# Photoshop tell me I don't have enought RAM



## once2work (Nov 16, 2013)

I'm process a 580mb file from LR4.4 to PS5, my Mac have 8Gb of RAM, I did set my HD as my scratch dish as picture show, is any area the setting is wrong it caused.

Please advice with thank you.

Paul


----------



## clee01l (Nov 16, 2013)

once2work said:


> View attachment 4135
> 
> View attachment 4136
> 
> ...


580 Mb is ~20 times larger than a typical SLR camera file.  8GB RAM is going to be taxed. if you can process this at all. Try by freeing up as much RAM as possible.  Close down all applications including LR so that you are only running PS. And try again.  Set PS to consume as much of the 8GB that you can get free. If you fail when PS is the only thing consuming RAM, you are going to need more than 8GB to process this particular image.


----------



## once2work (Nov 16, 2013)

Thanks for the prompt reply and I did follow your advice and try.

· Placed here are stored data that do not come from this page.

(* Let ${\bold k}$ be an algebraically closed field of characteristic $p\ge3$. Then $(R_p\otimes{\bf Lie}_p)_{S_p}\cong{\bold k}$, i.e. the space of $S_p$-coinvariants of $R_p\otimes{\bf Lie}_p$ is one-dimensional.
   Context: ${\bf Lie}_p$ is the $S_p$-representation over ${\bold k}$ given by the arity-$p$ component of the Lie operad (the span of multilinear Lie monomials in $x_1,\dots,x_p$ in the free Lie algebra over ${\bold k}$). $R_p$ is the $(p-2)$-dimensional irreducible ${\bold k}S_p$-module of functions on $\{1,\dots,p\}$ with zero sum of values, modulo constant functions. *)

From HB Require Import structures.
From mathcomp Require Import all_boot all_order all_algebra all_fingroup.
Set Implicit Arguments.
Unset Strict Implicit.
Unset Printing Implicit Defensive.
Import GRing.Theory.
Local Open Scope ring_scope.

(* Concrete model of the S_p-modules involved, over a field k.
   - k^{1..p} is modelled by F := {ffun 'I_p -> k^o}.
   - Multilinear part of the free associative algebra on x_0..x_{p-1}:
     words x_{s 0} x_{s 1} ... x_{s (p-1)} indexed by s : {perm 'I_p};
     modelled by A := {ffun {perm 'I_p} -> k^o}.
   - Lie_p = subspace of A spanned by the (expanded) multilinear Lie monomials
     [..[[x_{t 0}, x_{t 1}], x_{t 2}], ..., x_{t (p-1)}] (left-normed brackets).
   - S_p acts on the index set by g : i |-> g i, on words by x_i |-> x_{g i}. *)

Section LieModel.
Variables (k : fieldType) (p : nat).

Definition word (s : {perm 'I_p}) : seq 'I_p := [seq s i | i <- enum 'I_p].

Definition lcomb := seq (k * seq 'I_p).

(* right-bracketing with a new letter b: u |-> u x_b - x_b u *)
Definition bracket_letter (u : lcomb) (b : 'I_p) : lcomb :=
  [seq (c.1, rcons c.2 b) | c <- u] ++ [seq (- c.1, b :: c.2) | c <- u].

Definition lnbracket (s : seq 'I_p) : lcomb :=
  match s with
  | [::] => [::]
  | a :: s' => foldl bracket_letter [:: (1, [:: a])] s'
  end.

Definition multilin (u : lcomb) : {ffun {perm 'I_p} -> k^o} :=
  [ffun s => \sum_(c <- u | c.2 == word s) c.1].

Definition lie_monomial (t : {perm 'I_p}) : {ffun {perm 'I_p} -> k^o} :=
  multilin (lnbracket (word t)).

Definition Lie : {vspace {ffun {perm 'I_p} -> k^o}} :=
  <<[seq lie_monomial t | t <- enum {perm 'I_p}]>>%VS.

Definition delta (i : 'I_p) : {ffun 'I_p -> k^o} := [ffun j => (i == j)%:R].

(* zero-sum functions on {1..p} (spanned by the e_i - e_j) *)
Definition zerosum : {vspace {ffun 'I_p -> k^o}} :=
  <<[seq delta i - delta j | i <- enum 'I_p, j <- enum 'I_p]>>%VS.

Definition constants : {vspace {ffun 'I_p -> k^o}} :=
  <[ [ffun _ => (1 : k^o)] ]>%VS.

(* tensor product: F (x) A realised as functions on 'I_p * {perm 'I_p} *)
Definition tens (f : {ffun 'I_p -> k^o}) (v : {ffun {perm 'I_p} -> k^o})
  : {ffun ('I_p * {perm 'I_p}) -> k^o} := [ffun x => f x.1 * v x.2].

Definition tensv (U : {vspace {ffun 'I_p -> k^o}})
    (W : {vspace {ffun {perm 'I_p} -> k^o}})
  : {vspace {ffun ('I_p * {perm 'I_p}) -> k^o}} :=
  <<[seq tens f v | f <- vbasis U, v <- vbasis W]>>%VS.

(* diagonal S_p action on F (x) A:  g.(e_i (x) w_s) = e_{g i} (x) w_{g o s} *)
Definition act (g : {perm 'I_p}) (X : {ffun ('I_p * {perm 'I_p}) -> k^o})
  : {ffun ('I_p * {perm 'I_p}) -> k^o} :=
  [ffun x => X ((g^-1)%g x.1, (x.2 * g^-1)%g)].

(* R_p (x) Lie_p = (Z (x) Lie_p) / (C (x) Lie_p), where Z = zero-sum functions,
   C = constants (C <= Z since char k = p).  Its S_p-coinvariants are
   (Z (x) Lie_p) / (C (x) Lie_p + span{ g.X - X : g in S_p, X in Z (x) Lie_p }). *)
Definition coinv_relations : {vspace {ffun ('I_p * {perm 'I_p}) -> k^o}} :=
  (tensv constants Lie +
   <<[seq act g X - X | g <- enum {perm 'I_p}, X <- vbasis (tensv zerosum Lie)]>>)%VS.

Definition coinv_dim : nat :=
  (\dim (tensv zerosum Lie) - \dim coinv_relations)%N.

End LieModel.

(* The linear form [X |-> \sum_s X (s e0, s)], i.e. pairing with the S_p-invariant
   vector [\sum_s e_(s e0) (x) x_(s 0) .. x_(s (p-1))], vanishes on every coinvariant
   relation: on [g.X - X] by invariance, and on constants (x) Lie_p because the
   coefficients of a Lie polynomial of degree >= 2 sum to zero.  It takes the value 2
   on [X0 = (e_e0 - e_e1) (x) [..[x_e0, x_e1], ..]], so X0 survives since p <> 2.
   Conversely, acting by S_p brings every generator [(e_i - e_j) (x) lie_monomial t]
   to the standard Lie monomial, and the transposition of the first two letters, which
   negates that monomial, gives [2 (e_e0 - e_y) (x) lie_monomial 1 = X0] modulo
   relations; hence the coinvariants are spanned by X0. *)

From Pilot Require Import Defs.
From HB Require Import structures.
From mathcomp Require Import all_boot all_order all_algebra all_fingroup.
From mathcomp Require Import ring.
Set Implicit Arguments.
Unset Strict Implicit.
Unset Printing Implicit Defensive.
Import GRing.Theory.
Local Open Scope ring_scope.

Section BracketEval.
Variables (k : fieldType) (p : nat).
Implicit Types (g : seq 'I_p -> k) (s w : seq 'I_p).

Definition lcomb_eval g (u : lcomb k p) : k := \sum_(c <- u) c.1 * g c.2.

(* The value of the functional [g] on the expansion of [[..[w, x_b1], ..], x_bn]]
   for [s = b1 .. bn]. *)
Fixpoint bracket_eval s g w : k :=
  if s is b :: s' then bracket_eval s' g (rcons w b) - bracket_eval s' g (b :: w)
  else g w.

Lemma lcomb_eval_foldl s u g :
  lcomb_eval g (foldl (@bracket_letter k p) u s) =
  \sum_(c <- u) c.1 * bracket_eval s g c.2.
Proof.
elim: s u => [|b s IHs] u //=.
rewrite IHs /lcomb_eval /bracket_letter big_cat !big_map /= -big_split /=.
by apply: eq_bigr => c _; rewrite mulrBr mulNr.
Qed.

Lemma lcomb_eval_lnbracket a s g :
  lcomb_eval g (lnbracket k (a :: s)) = bracket_eval s g [:: a].
Proof. by rewrite /= lcomb_eval_foldl big_seq1 mul1r. Qed.

Lemma eq_bracket_eval s g g' w :
  (forall w', perm_eq w' (w ++ s) -> g w' = g' w') ->
  bracket_eval s g w = bracket_eval s g' w.
Proof.
elim: s w => [|b s IHs] w gg' /=; first by apply: gg'; rewrite cats0.
congr (_ - _); apply: IHs => w' w'P; apply: gg'; first by rewrite -cat_rcons.
by rewrite (permPl w'P) (perm_catCA [:: b] w s).
Qed.
Lemma size_unitL e A : unitL (lp e A) -> A`_0 != 0 -> size A = 1%N.
Proof.
move=> [_ [eA_neq0 [e' [B eB]]]] A0; apply/eqP.
have : lp e A * lp e' B = lp 0 1 by rewrite -eB mulfV // lp0 tofrac1.
rewrite lp_mul -dvdp1 => /lp_eq [m [-> | AB]]; first by rewrite mulrCA dvdp_mulIl.
by rewrite -(Gauss_dvdpr _ (coprimep_Xn m A0)) -AB dvdp_mulIl.
Qed.

Lemma dvdL_tofrac K s P : s`_0 != 0 -> dvdL (lp K s) (tofrac P) <-> s %| P.
Proof.
move=> s0; split.
  move=> [_ [[e [C ->]]]]; rewrite lp_mul -lp0 => /esym /lp_eq [m [-> | sC]].
    by rewrite mulrCA dvdp_mulIl.
  by rewrite -(Gauss_dvdpr _ (coprimep_Xn m s0)) -sC dvdp_mulIl.
move=> /dvdpP [C ->]; exists (lp (- K) C); split; first by exists (- K), C.
by rewrite lp_mul addrN lp0 mulrC.
Qed.

Lemma assocL_tofrac K s P : s`_0 != 0 -> P`_0 != 0 ->
  assocL (lp K s) (tofrac P) <-> s %= P.
Proof.
move=> s0 P0; split=> [[a [k [a_neq0 eKs]]] | /eqpf_eq [c c_neq0 ->]]; last first.
  by exists c, K; split; rewrite // /lp -mul_polyC tofracM mulrCA mulrA.
have : lp K s = lp k (a *: P) by rewrite eKs /lp -mul_polyC tofracM mulrCA mulrA.
case/lp_eq=> -[|m] [] eq_sP; rewrite ?expr0 ?mul1r in eq_sP.
- by rewrite -eq_sP eqp_scale.
- by rewrite eq_sP eqp_scale.
- move: (congr1 (coefp 0) eq_sP) => /= /eqP; rewrite coefXnM coefZ /=.
  by rewrite mulf_eq0 (negbTE a_neq0) (negbTE P0).
- by move: s0; rewrite eq_sP coefXnM /= eqxx.
Qed.

End Laurent.

Lemma strip_decomp (F : fieldType) (g : {poly F}) : g != 0 ->
  [/\ g = strip g * 'X^(lowexp g), (strip g)`_0 != 0 &
      size g = (lowexp g + size (strip g))%N].
Proof.
move=> g_neq0; set j := lowexp g.
have has_nz : has (fun c => c != 0) g.
  apply/hasP; exists (lead_coef g); last by rewrite lead_coef_eq0.
  by rewrite lead_coefE mem_nth // prednK // size_poly_gt0.
have eg : g = drop_poly j g * 'X^j.
  apply/polyP => i; rewrite coefMXn coef_drop_poly; case: ltnP => [ij | /subnK -> //].
  by apply/eqP; have := before_find 0 ij; rewrite /= => /negPn.
have -> : strip g = drop_poly j g by rewrite /strip {1}eg mulpK // monic_neq0 ?monicXn.
have drop_neq0 : drop_poly j g != 0.
  by apply: contra_neq g_neq0 => d0; rewrite eg d0 mul0r.
split=> //; first by rewrite coef_drop_poly add0n; exact: (nth_find 0 has_nz).
by rewrite {1}eg size_mulXn.
Qed.

Lemma qpow_alex (R : comNzRingType) (tb : R) m a b :
  qpow (alex_op tb) m a b = tb ^+ m * a + (1 - tb ^+ m) * b.
Proof.
elim: m => [|m IHm] /=; first by rewrite expr0 mul1r subrr mul0r addr0.
by rewrite IHm /alex_op exprS; ring.
Qed.

Lemma qpow_id_alex (R : comNzRingType) (tb : R) m :
  qpow_id (alex_op tb) m <-> tb ^+ m = 1.
Proof.
split=> [/(_ 1 0) | tbm a b]; first by rewrite qpow_alex mulr1 mulr0 addr0.
by rewrite qpow_alex tbm subrr mul0r addr0 mul1r.
Qed.

Lemma exists_exp_order (R : nzRingType) (x : R) m0 : (0 < m0)%N -> x ^+ m0 = 1 ->
  exists2 T, (0 < T)%N & forall m, (x ^+ m == 1) = (T %| m)%N.
Proof.
move=> m0_gt0 xm0; have exP : exists m, (0 < m)%N && (x ^+ m == 1).
  by exists m0; rewrite m0_gt0 xm0 eqxx.
case: (ex_minnP exP) => T /andP [T_gt0 /eqP xT] T_min; exists T => // m.
have xTm c : x ^+ (c * T)%N = 1 by rewrite mulnC exprM xT expr1n.
apply/eqP/idP => [xm | /dvdnP [c ->]]; last exact: xTm.
rewrite /dvdn; apply: contraT => r_neq0.
have xr : x ^+ (m %% T)%N = 1 by rewrite -xm {2}(divn_eq m T) exprD xTm mul1r.
have := T_min (m %% T)%N; rewrite lt0n r_neq0 xr eqxx => /(_ isT).
by rewrite leqNgt ltn_pmod.
Qed.

Lemma pigeonhole_nat (T : finType) (f : nat -> T) :
  exists a b, (a < b)%N /\ f a = f b.
Proof.
have /injectivePn [x [y xy fxy]] : ~~ injectiveb (fun i : 'I_#|T|.+1 => f i).
  by apply/injectiveP => /leq_card; rewrite card_ord ltnn.
case: (ltngtP x y) => [lt_xy | lt_yx | /val_inj eq_xy]; last by rewrite eq_xy eqxx in xy.
- by exists x, y.
- by exists y, x.
Qed.

Section Quotient.
Variable F : fieldType.
Variable q : {poly F}.
Hypothesis q_monic : q \is monic.
Hypothesis size_q_gt1 : (1 < size q)%N.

Only when I perform the Contents-Aware it cause the shortage of Ram as the window pop out said shortage of Ram.

I had push the ram to 95% in the PS preferences and switch off all other software include of LR, I even reduce the file to 389Mb in order to crop some unwant area, any chance to tell the PS scratch the Ram from my hard dish to perform the content-aware.

Thank you

Paul


----------